◆ **Task statement**
Locate the line that contains "and lies in" in the entries below, then repeat it and every following line through the line that contains "Proof. by rewrite", exactly, and no others.

━━━━━━

(* Let $x_s<x_t$ be integers, let $C\ge 0$, and let $f:[x_s,x_t]\to\mathbb{R}$ be such that $([x_s,x_t],f)$ is an Ameso($C$) pair. Suppose there exist $x^0\in[x_s,x_t]$ and a positive integer $b$ with $[x^0-b,x^0]\subseteq[x_s,x_t]$ such that $f(x^0)=\min_{y\in[x^0-b,x^0]}f(y)$ and $f(x^0)+C\le\max_{y\in[x^0-b,x^0]}f(y)$. Then $f(x^0)=\min_{y\in[x_s,x^0]}f(y)$.
   Context: For integers $a\le b$, $[a,b]$ denotes the set of integers $\{a,a+1,\dots,b\}$. Floors and ceilings of vectors are taken componentwise. A set $D^n\subseteq\mathbb{Z}^n$ is an Ameso set if $\lceil(\vec x+\vec y)/2\rceil,\lfloor(\vec x+\vec y)/2\rfloor\in D^n$ for all $\vec x,\vec y\in D^n$. For $C\ge 0$, $(D^n,f)$ is an Ameso($C$) pair if $D^n$ is an Ameso set, $f:D^n\to\mathbb{R}$ is bounded below, and $f(\vec x)+f(\vec y)+C\ge f(\lceil(\vec x+\vec y)/2\rceil)+f(\lfloor(\vec x+\vec y)/2\rfloor)$ for all $\vec x,\vec y\in D^n$. *)

From mathcomp Require Import all_boot all_order all_algebra.
Set Implicit Arguments. Unset Strict Implicit. Unset Printing Implicit Defensive.
Import Order.TTheory GRing.Theory Num.Theory.
Local Open Scope ring_scope.

(* floor(z/2) and ceil(z/2) for an integer z; divz is floor division for d = 2. *)
Definition half_floor (z : int) : int := (z %/ 2)%Z.
Definition half_ceil (z : int) : int := - ((- z) %/ 2)%Z.

(* Ameso sets in dimension n = 1, subsets of Z given as predicates. *)
Definition ameso_set (D : pred int) : Prop :=
  forall x y, D x -> D y -> D (half_ceil (x + y)) /\ D (half_floor (x + y)).

(* Ameso(C) pair (D, f); f is a total function on int, only its values on D matter. *)
Definition ameso_pair (R : realFieldType) (C : R) (D : pred int) (f : int -> R) : Prop :=
  [/\ ameso_set D,
      (exists m : R, forall x, D x -> m <= f x) &
      (forall x y, D x -> D y ->
         f (half_ceil (x + y)) + f (half_floor (x + y)) <= f x + f y + C)].

Definition Zitv (a b : int) : pred int := fun x => (a <= x) && (x <= b).

From mathcomp Require Import all_boot all_order all_algebra.
From mathcomp Require Import zify lra.
Import Order.TTheory GRing.Theory Num.Theory.
Local Open Scope ring_scope.

(* The minimum at x0 is pushed leftwards one point at a time.  Suppose f x0 is
   minimal on (y, x0] and f exceeds f x0 + C somewhere there.  Take the leftmost
   maximiser w of f on (y, x0].  If 2w - y <= x0, the Ameso inequality for the
   pair (y, 2w - y), whose midpoint is w, gives f w <= f y + C, hence
   f x0 <= f y.  Otherwise the pair (2w - x0, x0) has midpoint w and lies in
   (y, x0], and it forces f (2w - x0) >= f w, contradicting the choice of w
   unless w = x0; in that case C <= 0, and the pair (y, x0), whose two midpoints
   lie in (y, x0], already gives f x0 <= f y + C. *)

Lemma half_floor_bounds (z : int) : half_floor z * 2 <= z < half_floor z * 2 + 2.
Proof. by rewrite lez_floor //=; have := @ltz_ceil z 2 isT; rewrite /half_floor; lia. Qed.

Lemma half_ceil_bounds (z : int) : half_ceil z * 2 - 2 < z <= half_ceil z * 2.
Proof. by have := half_floor_bounds (- z); rewrite /half_ceil; lia. Qed.

Lemma exists_leftmost_argmax {disp : Order.disp_t} {T : orderType disp}
    (g : int -> T) (a c : int) :
  a <= c -> exists w, [/\ a <= w <= c,
    forall z, a <= z <= c -> (g z <= g w)%O & forall z, a <= z < w -> (g z < g w)%O].
Proof.
move=> le_ac; have [n ->] : exists n : nat, c = a + n%:Z.
  by exists `|c - a|%N; rewrite gez0_abs; lia.
elim: n => [|n [w [hw w_max w_left]]].
  exists a; split=> [|z hz|z hz]; first lia; last lia.
  by have -> : z = a by lia.
have [lt_wn | le_nw] := ltP (g w) (g (a + n.+1%:Z)).
  exists (a + n.+1%:Z); split=> [|z hz|z hz]; first lia.
    have [->//|hzn] : z = a + n.+1%:Z \/ a <= z <= a + n%:Z by lia.
    exact: le_trans (w_max z hzn) (ltW lt_wn).
  by apply: le_lt_trans lt_wn; apply: w_max; lia.
exists w; split=> [|z hz|//]; first lia.
have [->//|hzn] : z = a + n.+1%:Z \/ a <= z <= a + n%:Z by lia.
by apply: w_max.
Qed.

Definition midconvex {R : realFieldType} (C : R) (D : pred int) (f : int -> R) :=
  forall x y, D x -> D y ->
    f (half_ceil (x + y)) + f (half_floor (x + y)) <= f x + f y + C.

Section Midconvex.
Variables (R : realFieldType) (C : R) (f : int -> R).

Lemma midconvex_sub (D D' : pred int) :
  (forall x, D' x -> D x) -> midconvex C D f -> midconvex C D' f.
Proof. by move=> sub fmid x y /sub Dx /sub Dy; apply: fmid. Qed.

Lemma midconvex_mid (D : pred int) x y w : midconvex C D f ->
  D x -> D y -> x + y = w * 2 -> f w *+ 2 <= f x + f y + C.
Proof.
move=> fmid Dx Dy xyw; have := fmid _ _ Dx Dy.
have := half_floor_bounds (x + y); have := half_ceil_bounds (x + y) => hc hf.
have -> : half_ceil (x + y) = w by lia.
by have -> : half_floor (x + y) = w by lia; rewrite mulr2n.
Qed.

Variables (y x0 : int).
Hypotheses (fmid : midconvex C (Zitv y x0) f) (y_lt : y + 2 <= x0).
Hypothesis x0_min : forall z, Zitv (y + 1) x0 z -> f x0 <= f z.

Lemma min_le_left_addC : f x0 <= f y + C.
Proof.
have := fmid y x0; rewrite /Zitv => /(_ ltac:(lia) ltac:(lia)).
have := half_floor_bounds (y + x0); have := half_ceil_bounds (y + x0) => hc hf.
have := x0_min (half_ceil (y + x0)); have := x0_min (half_floor (y + x0)).
rewrite /Zitv => /(_ ltac:(lia)) ge_f /(_ ltac:(lia)); lra.
Qed.

Lemma min_le_left :
  (exists2 w, Zitv (y + 1) x0 w & f x0 + C <= f w) -> f x0 <= f y.
Proof.
case=> w0 /andP[w0_ge w0_le] hfw0.
have [|w [hw w_max w_left]] := exists_leftmost_argmax f (y + 1) x0; first lia.
have {hfw0}hfw : f x0 + C <= f w by apply: le_trans hfw0 (w_max _ _); exact/andP.
have [reflect_in | reflect_out] := leP (2 * w - y) x0.
  have := @midconvex_mid _ y (2 * w - y) w fmid.
  rewrite /Zitv => /(_ ltac:(lia) ltac:(lia) ltac:(lia)).
  by have := w_max (2 * w - y) ltac:(lia); lra.
have [w_x0 | w_lt] : w = x0 \/ w < x0 by lia.
  by move: hfw; rewrite w_x0 => hC; have := min_le_left_addC; lra.
have := @midconvex_mid _ (2 * w - x0) x0 w fmid.
rewrite /Zitv => /(_ ltac:(lia) ltac:(lia) ltac:(lia)).
by have := w_left (2 * w - x0) ltac:(lia); lra.
Qed.

End Midconvex.

Theorem lemma5 (R : realFieldType) (xs xt : int) (C : R) (f : int -> R)
  (x0 b : int) :
  xs < xt -> 0 <= C ->
  ameso_pair C (Zitv xs xt) f ->
  0 < b -> xs <= x0 - b -> x0 <= xt ->
  (* f(x0) = min over [x0-b, x0] *)
  (forall y, Zitv (x0 - b) x0 y -> f x0 <= f y) ->
  (* f(x0) + C <= max over [x0-b, x0] *)
  (exists2 y, Zitv (x0 - b) x0 y & f x0 + C <= f y) ->
  forall y, Zitv xs x0 y -> f x0 <= f y.
Proof.
move=> _ _ [_ _ fmid] b_gt0 xs_le x0_le f_min [w hw hfw] y.
have ge_from (k : nat) z : Zitv (x0 - b - k%:Z) x0 z -> xs <= z -> f x0 <= f z.
  elim: k z => [|k IH] z.
    by rewrite /Zitv => hz _; apply: f_min; rewrite /Zitv; lia.
  rewrite /Zitv => hz.
  have [z_in | {hz}->] : Zitv (x0 - b - k%:Z) x0 z \/ z = x0 - b - k.+1%:Z
    by rewrite /Zitv; lia.
    exact: IH.
  move=> xs_z; apply: min_le_left.
  - by apply: midconvex_sub fmid; rewrite /Zitv => u; lia.
  - lia.
  - by move=> u; rewrite /Zitv => hu; apply: IH; rewrite /Zitv; lia.
  - by exists w => //; move: hw; rewrite /Zitv; lia.
rewrite /Zitv => hy.
by apply: (ge_from (absz (x0 - b - xs)%R)); rewrite /Zitv; lia.
Qed.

━━━━━━

◆ **Result**
   f x0 <= f y.  Otherwise the pair (2w - x0, x0) has midpoint w and lies in
   (y, x0], and it forces f (2w - x0) >= f w, contradicting the choice of w
   unless w = x0; in that case C <= 0, and the pair (y, x0), whose two midpoints
   lie in (y, x0], already gives f x0 <= f y + C. *)

Lemma half_floor_bounds (z : int) : half_floor z * 2 <= z < half_floor z * 2 + 2.
Proof. by rewrite lez_floor //=; have := @ltz_ceil z 2 isT; rewrite /half_floor; lia. Qed.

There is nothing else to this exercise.